Myth 2: Statins will cause muscle damage and hurt your heart
Statins have been tested in more than 1 million patients and overwhelmingly, research shows they do not cause heart damage. While statins don’t damage your heart, they can cause mild muscle ache for a small number of people. Even more rarely, statins can cause severe muscle pain — which is a sign to talk to your doctor, who will have you stop your statins immediately. In either case, you should tell your doctor if you are feeling muscle pain or weakness.
Myth 3: You should avoid statins if you have diabetes
People with diabetes benefit the most from statins, which reduce their risk of heart attack, stroke and death. While statins may increase blood sugars, this does not offset the overall benefit that statins provide. If you take statins, be sure to monitor your sugars, watch your diet and include regular exercise in your routine.
Myth 4: Statins cause cognitive dysfunction or dementia
On the contrary, recent studies show that statins create a protective effect from cognitive dysfunction or dementia with long-term use.
In 2012, the FDA changed the drug label for statins to include a warning: Memory loss and confusion have been reported with statin use.
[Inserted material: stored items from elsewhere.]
(* Let $G$ be a multiplicative monoid with identity, let $N$ be a $G$-graded near-ring, and let $P$ be a graded weakly prime ideal of $N$. If $P$ is not a graded prime ideal of $N$, then $P^2 \cap N = \{0\}$.
   Context: A near-ring $(N,+,\cdot)$ is a set with two binary operations such that $(N,+)$ is a group (not necessarily abelian), $(N,\cdot)$ is a semigroup, and $(a+b)y = ay+by$ for all $a,b,y\in N$. For a multiplicative monoid $G$ with identity, $N$ is a $G$-graded near-ring if there is a family $\{N_\sigma\}_{\sigma\in G}$ of additive normal subgroups of $N$ with $N=\bigoplus_{\sigma\in G}N_\sigma$ and $N_\sigma N_\tau\subseteq N_{\sigma\tau}$ for all $\sigma,\tau\in G$. An ideal $P$ of $N$ is graded if $P=\bigoplus_{\sigma\in G}(P\cap N_\sigma)$. For ideals $I,J$, $IJ$ denotes their product, and $P^2=PP$ (the paper writes $P^2\cap N$). A graded ideal $P$ is graded prime if for all graded ideals $I,J$ of $N$ with $IJ\subseteq P$, either $I\subseteq P$ or $J\subseteq P$. A graded ideal $P$ is graded weakly prime if for all graded ideals $I,J$ of $N$ with $\{0\}\neq IJ\subseteq P$, either $I\subseteq P$ or $J\subseteq P$. *)

From Stdlib Require Import List.
Import ListNotations.

Record Monoid := {
  mcar :> Type;
  mop : mcar -> mcar -> mcar;
  mone : mcar;
  mopA : forall a b c, mop a (mop b c) = mop (mop a b) c;
  mop1l : forall a, mop mone a = a;
  mop1r : forall a, mop a mone = a
}.

Record NearRing := {
  ncar :> Type;
  nadd : ncar -> ncar -> ncar;
  nopp : ncar -> ncar;
  nzero : ncar;
  nmul : ncar -> ncar -> ncar;
  naddA : forall a b c, nadd a (nadd b c) = nadd (nadd a b) c;
  nadd0l : forall a, nadd nzero a = a;
  nadd0r : forall a, nadd a nzero = a;
  naddNl : forall a, nadd (nopp a) a = nzero;
  naddNr : forall a, nadd a (nopp a) = nzero;
  nmulA : forall a b c, nmul a (nmul b c) = nmul (nmul a b) c;
  nmulDl : forall a b y, nmul (nadd a b) y = nadd (nmul a y) (nmul b y)
}.

Section NearRingDefs.
Variable N : NearRing.

Definition nset := N -> Prop.

Definition nsum (l : list N) : N := fold_right (nadd N) (nzero N) l.

Definition add_subgroup (S : nset) : Prop :=
  S (nzero N) /\
  (forall x y, S x -> S y -> S (nadd N x y)) /\
  (forall x, S x -> S (nopp N x)).

Definition add_normal_subgroup (S : nset) : Prop :=
  add_subgroup S /\
  (forall n x, S x -> S (nadd N (nadd N n x) (nopp N n))).

(* Ideal of a (right) near-ring (Pilz): a normal subgroup I of (N,+) with
   I N ⊆ I and n(n'+i) - n n' ∈ I for all n, n' ∈ N, i ∈ I. *)
Definition nideal (I : nset) : Prop :=
  add_normal_subgroup I /\
  (forall i n, I i -> I (nmul N i n)) /\
  (forall n n' i, I i -> I (nadd N (nmul N n (nadd N n' i)) (nopp N (nmul N n n')))).

Definition ideal_prod (I J : nset) : nset :=
  fun x => exists i j, I i /\ J j /\ x = nmul N i j.

Definition subset (A B : nset) : Prop := forall x, A x -> B x.

Variable G : Monoid.

(* N is a G-graded near-ring with homogeneous components Nf σ:
   each Nf σ is an additive normal subgroup, N = ⊕_σ Nf σ (internal direct
   sum: N is generated by the Nf σ and each Nf σ meets the subgroup generated
   by the other components trivially), and Nf σ Nf τ ⊆ Nf (στ). *)
Definition graded_nearring (Nf : G -> nset) : Prop :=
  (forall s, add_normal_subgroup (Nf s)) /\
  (forall x : N, exists l : list (G * N),
      (forall p, In p l -> Nf (fst p) (snd p)) /\ x = nsum (map snd l)) /\
  (forall (s : G) (x : N) (l : list (G * N)),
      Nf s x ->
      (forall p, In p l -> fst p <> s /\ Nf (fst p) (snd p)) ->
      x = nsum (map snd l) -> x = nzero N) /\
  (forall s t x y, Nf s x -> Nf t y -> Nf (mop G s t) (nmul N x y)).

(* Graded ideal: P = ⊕_σ (P ∩ Nf σ). *)
Definition graded_ideal (Nf : G -> nset) (P : nset) : Prop :=
  nideal P /\
  (forall x, P x -> exists l : list (G * N),
      (forall p, In p l -> P (snd p) /\ Nf (fst p) (snd p)) /\
      x = nsum (map snd l)).

Definition graded_prime (Nf : G -> nset) (P : nset) : Prop :=
  graded_ideal Nf P /\
  forall I J, graded_ideal Nf I -> graded_ideal Nf J ->
    subset (ideal_prod I J) P -> subset I P \/ subset J P.

Definition graded_weakly_prime (Nf : G -> nset) (P : nset) : Prop :=
  graded_ideal Nf P /\
  forall I J, graded_ideal Nf I -> graded_ideal Nf J ->
    (exists x, ideal_prod I J x /\ x <> nzero N) ->
    subset (ideal_prod I J) P -> subset I P \/ subset J P.

End NearRingDefs.

(* If p q <> 0 for some p, q in P, then P is graded prime.  Given graded
   ideals I, J with I J ⊆ P, the graded ideals I + P and J + P still have
   their product in P, because (i + p)(j + q) = [i(j + q) - i j] + i j + p(j + q)
   and the bracket lies in P by the ideal axiom n(n' + q) - n n' ∈ P.  That
   product contains p q <> 0, so weak primeness gives I + P ⊆ P or J + P ⊆ P. *)
From Stdlib Require Import List Classical.

Section NearRingGroup.
Variable N : NearRing.

Local Notation "0" := (nzero N).
Local Notation "a + b" := (nadd N a b).
Local Notation "- a" := (nopp N a).
Local Notation "a * b" := (nmul N a b).

Lemma naddI (a b c : N) : a + b = a + c -> b = c.
Proof.
  intro E.
  rewrite <- (nadd0l N b), <- (nadd0l N c), <- (naddNl N a), <- !naddA, E.
  reflexivity.
Qed.

Lemma naddNKr (a b : N) : b + - a + a = b.
Proof. rewrite <- naddA, naddNl, nadd0r. reflexivity. Qed.

Lemma noppK (a : N) : - - a = a.
Proof. apply (naddI (- a)). rewrite naddNr, naddNl. reflexivity. Qed.

Lemma noppD (a b : N) : - (a + b) = - b + - a.
Proof.
  apply (naddI (a + b)).
  rewrite naddNr, naddA, <- (naddA N a b), naddNr, nadd0r, naddNr.
  reflexivity.
Qed.

Lemma nmul0l (y : N) : 0 * y = 0.
Proof. apply (naddI (0 * y)). rewrite <- nmulDl, !nadd0r. reflexivity. Qed.

Lemma nsum_app (l1 l2 : list N) : nsum N (l1 ++ l2) = nsum N l1 + nsum N l2.
Proof.
  induction l1 as [|a l IH]; cbn.
  - rewrite nadd0l. reflexivity.
  - unfold nsum in *. rewrite IH, naddA. reflexivity.
Qed.

End NearRingGroup.

Section Ideals.
Variable N : NearRing.

Local Notation "0" := (nzero N).
Local Notation "a + b" := (nadd N a b).
Local Notation "- a" := (nopp N a).
Local Notation "a * b" := (nmul N a b).

Definition ideal_sum (I J : nset N) : nset N :=
  fun x => exists i j, I i /\ J j /\ x = i + j.

Section IdealFacts.
Variable I : nset N.
Hypothesis HI : nideal N I.

Lemma ideal0 : I 0.
Proof. apply HI. Qed.

Lemma idealD (x y : N) : I x -> I y -> I (x + y).
Proof. apply HI. Qed.

Lemma idealN (x : N) : I x -> I (- x).
Proof. apply HI. Qed.

Lemma idealJ (n x : N) : I x -> I (n + x + - n).
Proof. apply HI. Qed.

Lemma idealMr (x n : N) : I x -> I (x * n).
Proof. apply HI. Qed.

Lemma idealMl_shift (n n' x : N) : I x -> I (n * (n' + x) + - (n * n')).
Proof. apply HI. Qed.

End IdealFacts.

Lemma ideal_suml (I J : nset N) : nideal N J -> subset N I (ideal_sum I J).
Proof.
  intros HJ x Hx. exists x, 0.
  split; [exact Hx | split; [apply ideal0, HJ | rewrite nadd0r; reflexivity]].
Qed.

Lemma ideal_sumr (I J : nset N) : nideal N I -> subset N J (ideal_sum I J).
Proof.
  intros HI x Hx. exists 0, x.
  split; [apply ideal0, HI | split; [exact Hx | rewrite nadd0l; reflexivity]].
Qed.

(* Addition need not commute, so each witness moves an element of J past one of
   I by conjugation, which J absorbs by normality. *)
Lemma nideal_sum (I J : nset N) : nideal N I -> nideal N J -> nideal N (ideal_sum I J).
Proof.
  intros HI HJ.
  split; [split; [split; [|split]|] | split].
  - apply ideal_sumr; [exact HI | apply ideal0, HJ].
  - intros x y [i [j [Hi [Hj ->]]]] [i' [j' [Hi' [Hj' ->]]]].
    exists (i + i'), (- i' + j + - - i' + j').
    split; [apply (idealD _ HI); auto | split].
    + apply (idealD _ HJ); [apply (idealJ _ HJ) |]; auto.
    + rewrite noppK, !naddA, <- (naddA N i i'), naddNr, nadd0r. reflexivity.
  - intros x [i [j [Hi [Hj ->]]]].
    exists (- i), (i + - j + - i).
    split; [apply (idealN _ HI); auto | split].
    + apply (idealJ _ HJ), (idealN _ HJ); auto.
    + rewrite noppD, !naddA, naddNl, nadd0l. reflexivity.
  - intros n x [i [j [Hi [Hj ->]]]].
    exists (n + i + - n), (n + j + - n).
    split; [apply (idealJ _ HI); auto | split; [apply (idealJ _ HJ); auto |]].
    rewrite !naddA, naddNKr. reflexivity.
  - intros x n [i [j [Hi [Hj ->]]]].
    exists (i * n), (j * n).
    split; [apply (idealMr _ HI); auto | split; [apply (idealMr _ HJ); auto | apply nmulDl]].
  - intros n n' x [i [j [Hi [Hj ->]]]].
    set (a := n * (n' + i) + - (n * n')).
    set (b := n * (n' + i + j) + - (n * (n' + i))).
    exists a, (- a + b + - - a).
    split; [apply (idealMl_shift _ HI); auto | split].
    + apply (idealJ _ HJ), (idealMl_shift _ HJ); auto.
    + rewrite noppK, !naddA, naddNr, nadd0l.
      unfold a, b. rewrite naddA, naddNKr. reflexivity.
Qed.

Lemma ideal_prod0 (I J : nset N) : nideal N I -> nideal N J -> ideal_prod N I J 0.
Proof.
  intros HI HJ. exists 0, 0.
  split; [apply ideal0, HI | split; [apply ideal0, HJ | symmetry; apply nmul0l]].
Qed.

Lemma ideal_prodS (I I' J J' : nset N) :
  subset N I I' -> subset N J J' -> subset N (ideal_prod N I J) (ideal_prod N I' J').
Proof. intros HI HJ y [i [j [Hi [Hj ->]]]]. exists i, j. auto. Qed.

Lemma ideal_prod_sum_sub (P I J : nset N) : nideal N P ->
  subset N (ideal_prod N I J) P ->
  subset N (ideal_prod N (ideal_sum I P) (ideal_sum J P)) P.
Proof.
  intros HP HIJ y [a [b [[i [p [Hi [Hp ->]]]] [[j [q [Hj [Hq ->]]]] ->]]]].
  rewrite nmulDl, <- (naddNKr N (i * j) (i * (j + q))).
  apply idealD; [exact HP | | apply idealMr; auto].
  apply idealD; [exact HP | apply idealMl_shift; auto |].
  apply HIJ. exists i, j. auto.
Qed.

Variable G : Monoid.
Variable Nf : G -> nset N.

Lemma graded_ideal_sum (I J : nset N) :
  graded_ideal N G Nf I -> graded_ideal N G Nf J -> graded_ideal N G Nf (ideal_sum I J).
Proof.
  intros [HI GI] [HJ GJ]. split; [apply nideal_sum; auto |].
  intros x [i [j [Hi [Hj ->]]]].
  destruct (GI i Hi) as [li [Hli ->]], (GJ j Hj) as [lj [Hlj ->]].
  exists (li ++ lj). split.
  - intros c Hc. apply in_app_or in Hc as [Hc | Hc].
    + destruct (Hli c Hc). split; [apply ideal_suml|]; auto.
    + destruct (Hlj c Hc). split; [apply ideal_sumr|]; auto.
  - rewrite map_app, nsum_app. reflexivity.
Qed.

Lemma graded_weakly_prime_prime (P : nset N) :
  graded_weakly_prime N G Nf P ->
  (exists x, ideal_prod N P P x /\ x <> 0) -> graded_prime N G Nf P.
Proof.
  intros [GP HW] [x [HxPP Hx0]]. split; [exact GP |].
  pose proof (proj1 GP) as HP.
  intros I J GI GJ HIJ.
  assert (HPP : subset N (ideal_prod N P P) (ideal_prod N (ideal_sum I P) (ideal_sum J P))).
  { apply ideal_prodS; apply ideal_sumr; [apply GI | apply GJ]. }
  destruct (HW (ideal_sum I P) (ideal_sum J P)) as [HIP | HJP].
  - apply graded_ideal_sum; auto.
  - apply graded_ideal_sum; auto.
  - exists x. split; [apply HPP |]; assumption.
  - apply ideal_prod_sum_sub; auto.
  - left. intros y Hy. apply HIP, ideal_suml; auto.
  - right. intros y Hy. apply HJP, ideal_suml; auto.
Qed.

End Ideals.

Theorem theorem1 (G : Monoid) (N : NearRing) (Nf : G -> nset N)
  (HN : graded_nearring N G Nf) (P : nset N)
  (HP : graded_weakly_prime N G Nf P)
  (Hnp : ~ graded_prime N G Nf P) :
  forall x : N, ideal_prod N P P x <-> x = nzero N.
Proof.
  pose proof (proj1 (proj1 HP)) as HPi.
  intro x. split.
  - intro HxPP. apply NNPP. intro Hx0.
    apply Hnp, graded_weakly_prime_prime; [exact HP |].
    exists x. auto.
  - intros ->. apply ideal_prod0; exact HPi.
Qed.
These reported events were generally not serious and went away once the drug was no longer being taken, but confusion on this issue remains. More recent studies have looked at dementia and cognitive changes and found that statins may be beneficial and can prevent dementia – especially with long-term use.
Myth 5: Natural supplements like red yeast rice are safer than taking a statin
Doctors don’t prescribe supplements in place of statins for a reason: No controlled or reliable studies have proven that supplements prevent heart disease. Because statins are medicine, they have to prove their efficacy. Supplements do not under current federal law. Supplements are not regulated and tested the way drugs must be before doctors can prescribe them. In addition, supplements vary greatly in their strength and they can contain ingredients that are not listed in the label. Remember: Don’t mistake something billed as “natural” for safe.
Myth 6: Being statin-intolerant means you will never be able to take a statin
Research conducted by Cleveland Clinic’s Preventive Cardiology Department has found that most people can tolerate statins either by changing the medication type or by staggering their doses. Don’t give up on this life-saving medicine: Work with a specialist to find the right drug and the best dose for you.
Myth 7: Statins cause cataracts
A recent observational study — which does not offer the same high level of proof as a double-blind study — suggested an increased risk of cataracts. However, more studies are needed. There is no definitive evidence that statins cause cataracts. But there is ample proof that statins help prevent heart disease. It’s important to note there are possible side effects and risks with every medicine you take. You need to follow up and work with your doctor to achieve the best results.
Myth 8: Everyone should take statins
Statins are the treatment of choice for people with high cholesterol and those with coronary heart disease. You should only take statins if you need them. Statins also benefit the blood vessel lining, reduce cell damage from oxidation and keep blood platelets from clumping, which reduces the risk of a blood clot.
Myth 9: Older adults do not benefit from statins
Older adults can benefit from statins depending on their life expectancy and the likelihood of achieving a true benefit with this therapy. Diet and exercise are important parts of risk factor management and should be continued while on statin therapy. While some people are able to achieve their goals through strict diet alone, many will need to take a statin to meet their LDL goals and reduce the risk of progression of heart disease.